— Assignment —
In the data that follows, find the line with "Theorem uso_of_szabo_welzl : USO"; transcribe it, every later line up to the one with "apply/eqP; rewrite eqEcard", and that line as well, exactly and with no others.

— Study material —
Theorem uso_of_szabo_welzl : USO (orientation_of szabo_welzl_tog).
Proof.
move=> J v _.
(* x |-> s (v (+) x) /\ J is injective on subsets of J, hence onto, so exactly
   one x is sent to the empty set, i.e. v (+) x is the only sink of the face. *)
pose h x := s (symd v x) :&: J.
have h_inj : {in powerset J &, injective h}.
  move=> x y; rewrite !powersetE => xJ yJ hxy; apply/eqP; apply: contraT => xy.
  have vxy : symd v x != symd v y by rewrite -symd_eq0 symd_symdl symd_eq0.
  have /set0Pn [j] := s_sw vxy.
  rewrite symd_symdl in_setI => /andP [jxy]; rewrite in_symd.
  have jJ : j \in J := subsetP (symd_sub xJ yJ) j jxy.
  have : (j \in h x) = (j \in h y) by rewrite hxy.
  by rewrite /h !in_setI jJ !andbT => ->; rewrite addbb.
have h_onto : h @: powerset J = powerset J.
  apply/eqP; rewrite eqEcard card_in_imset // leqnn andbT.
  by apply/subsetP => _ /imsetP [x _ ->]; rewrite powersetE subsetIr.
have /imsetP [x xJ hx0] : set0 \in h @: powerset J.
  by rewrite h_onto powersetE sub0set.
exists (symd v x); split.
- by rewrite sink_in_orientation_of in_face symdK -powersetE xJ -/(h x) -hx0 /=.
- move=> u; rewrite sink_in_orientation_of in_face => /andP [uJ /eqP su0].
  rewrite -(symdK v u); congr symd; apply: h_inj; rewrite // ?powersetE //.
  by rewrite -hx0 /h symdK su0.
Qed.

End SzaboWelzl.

==

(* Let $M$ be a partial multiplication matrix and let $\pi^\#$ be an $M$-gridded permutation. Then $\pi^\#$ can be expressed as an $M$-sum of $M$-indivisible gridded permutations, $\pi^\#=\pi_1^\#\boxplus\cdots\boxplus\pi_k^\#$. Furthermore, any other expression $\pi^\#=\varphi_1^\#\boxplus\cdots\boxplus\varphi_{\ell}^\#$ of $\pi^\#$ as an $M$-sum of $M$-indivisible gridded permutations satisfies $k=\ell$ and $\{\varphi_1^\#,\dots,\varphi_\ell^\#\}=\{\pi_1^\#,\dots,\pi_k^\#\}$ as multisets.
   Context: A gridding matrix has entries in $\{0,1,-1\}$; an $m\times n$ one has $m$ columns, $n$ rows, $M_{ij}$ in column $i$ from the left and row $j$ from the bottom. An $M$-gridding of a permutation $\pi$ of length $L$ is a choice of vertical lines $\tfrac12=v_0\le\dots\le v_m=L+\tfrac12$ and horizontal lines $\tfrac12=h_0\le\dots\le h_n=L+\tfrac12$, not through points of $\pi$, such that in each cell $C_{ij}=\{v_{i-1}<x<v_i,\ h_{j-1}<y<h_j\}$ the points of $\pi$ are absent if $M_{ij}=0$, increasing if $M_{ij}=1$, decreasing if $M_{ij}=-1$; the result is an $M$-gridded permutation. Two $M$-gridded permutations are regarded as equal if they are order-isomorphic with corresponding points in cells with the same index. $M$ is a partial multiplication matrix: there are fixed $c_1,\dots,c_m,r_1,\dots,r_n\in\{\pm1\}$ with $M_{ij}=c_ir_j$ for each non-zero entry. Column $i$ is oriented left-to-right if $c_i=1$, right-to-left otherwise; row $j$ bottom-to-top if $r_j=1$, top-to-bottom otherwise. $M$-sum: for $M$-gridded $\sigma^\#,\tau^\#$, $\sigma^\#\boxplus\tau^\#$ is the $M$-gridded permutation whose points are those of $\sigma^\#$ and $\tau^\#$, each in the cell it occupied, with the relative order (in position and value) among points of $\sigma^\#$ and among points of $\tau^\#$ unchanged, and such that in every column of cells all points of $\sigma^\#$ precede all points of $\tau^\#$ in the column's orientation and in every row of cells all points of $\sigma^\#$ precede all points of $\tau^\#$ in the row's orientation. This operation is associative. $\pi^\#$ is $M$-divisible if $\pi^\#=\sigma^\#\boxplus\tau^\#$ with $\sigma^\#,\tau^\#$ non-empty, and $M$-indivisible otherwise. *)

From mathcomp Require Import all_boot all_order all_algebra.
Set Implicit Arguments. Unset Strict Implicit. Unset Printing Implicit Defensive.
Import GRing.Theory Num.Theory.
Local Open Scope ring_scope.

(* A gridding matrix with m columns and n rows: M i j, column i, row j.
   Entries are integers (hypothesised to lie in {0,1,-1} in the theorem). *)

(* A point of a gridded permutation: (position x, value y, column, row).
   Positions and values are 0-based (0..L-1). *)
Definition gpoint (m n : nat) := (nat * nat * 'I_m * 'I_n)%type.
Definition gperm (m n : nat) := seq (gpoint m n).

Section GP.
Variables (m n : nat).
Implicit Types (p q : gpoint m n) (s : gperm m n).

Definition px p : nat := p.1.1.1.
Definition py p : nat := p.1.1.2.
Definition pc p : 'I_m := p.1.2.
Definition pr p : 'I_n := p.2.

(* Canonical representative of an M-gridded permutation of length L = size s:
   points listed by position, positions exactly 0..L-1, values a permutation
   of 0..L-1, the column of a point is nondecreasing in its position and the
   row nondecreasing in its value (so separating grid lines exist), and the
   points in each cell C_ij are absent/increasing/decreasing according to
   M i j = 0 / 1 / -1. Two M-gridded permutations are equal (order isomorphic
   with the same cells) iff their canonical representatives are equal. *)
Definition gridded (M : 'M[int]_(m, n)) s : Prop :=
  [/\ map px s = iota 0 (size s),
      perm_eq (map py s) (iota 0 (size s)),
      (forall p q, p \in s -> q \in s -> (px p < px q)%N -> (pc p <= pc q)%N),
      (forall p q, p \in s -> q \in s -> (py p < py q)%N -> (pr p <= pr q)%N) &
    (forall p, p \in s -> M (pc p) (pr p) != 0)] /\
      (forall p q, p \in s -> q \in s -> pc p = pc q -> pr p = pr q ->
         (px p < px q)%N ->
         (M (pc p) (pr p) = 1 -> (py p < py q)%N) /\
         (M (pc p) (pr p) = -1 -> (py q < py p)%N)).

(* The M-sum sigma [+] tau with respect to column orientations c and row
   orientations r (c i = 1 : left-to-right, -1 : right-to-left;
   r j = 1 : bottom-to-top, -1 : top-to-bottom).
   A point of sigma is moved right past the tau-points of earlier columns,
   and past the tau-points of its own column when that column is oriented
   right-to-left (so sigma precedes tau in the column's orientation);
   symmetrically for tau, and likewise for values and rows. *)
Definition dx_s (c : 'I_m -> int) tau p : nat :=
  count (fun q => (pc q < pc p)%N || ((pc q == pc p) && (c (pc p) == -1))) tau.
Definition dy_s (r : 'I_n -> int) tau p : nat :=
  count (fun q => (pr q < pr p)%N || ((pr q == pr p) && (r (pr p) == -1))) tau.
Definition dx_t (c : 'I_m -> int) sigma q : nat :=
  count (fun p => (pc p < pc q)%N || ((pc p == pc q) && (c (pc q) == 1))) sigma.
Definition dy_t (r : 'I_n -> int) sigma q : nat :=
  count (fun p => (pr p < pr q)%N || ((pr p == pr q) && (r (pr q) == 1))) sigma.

— Task solution —
Theorem uso_of_szabo_welzl : USO (orientation_of szabo_welzl_tog).
Proof.
move=> J v _.
(* x |-> s (v (+) x) /\ J is injective on subsets of J, hence onto, so exactly
   one x is sent to the empty set, i.e. v (+) x is the only sink of the face. *)
pose h x := s (symd v x) :&: J.
have h_inj : {in powerset J &, injective h}.
  move=> x y; rewrite !powersetE => xJ yJ hxy; apply/eqP; apply: contraT => xy.
  have vxy : symd v x != symd v y by rewrite -symd_eq0 symd_symdl symd_eq0.
  have /set0Pn [j] := s_sw vxy.
  rewrite symd_symdl in_setI => /andP [jxy]; rewrite in_symd.
  have jJ : j \in J := subsetP (symd_sub xJ yJ) j jxy.
  have : (j \in h x) = (j \in h y) by rewrite hxy.
  by rewrite /h !in_setI jJ !andbT => ->; rewrite addbb.
have h_onto : h @: powerset J = powerset J.
  apply/eqP; rewrite eqEcard card_in_imset // leqnn andbT.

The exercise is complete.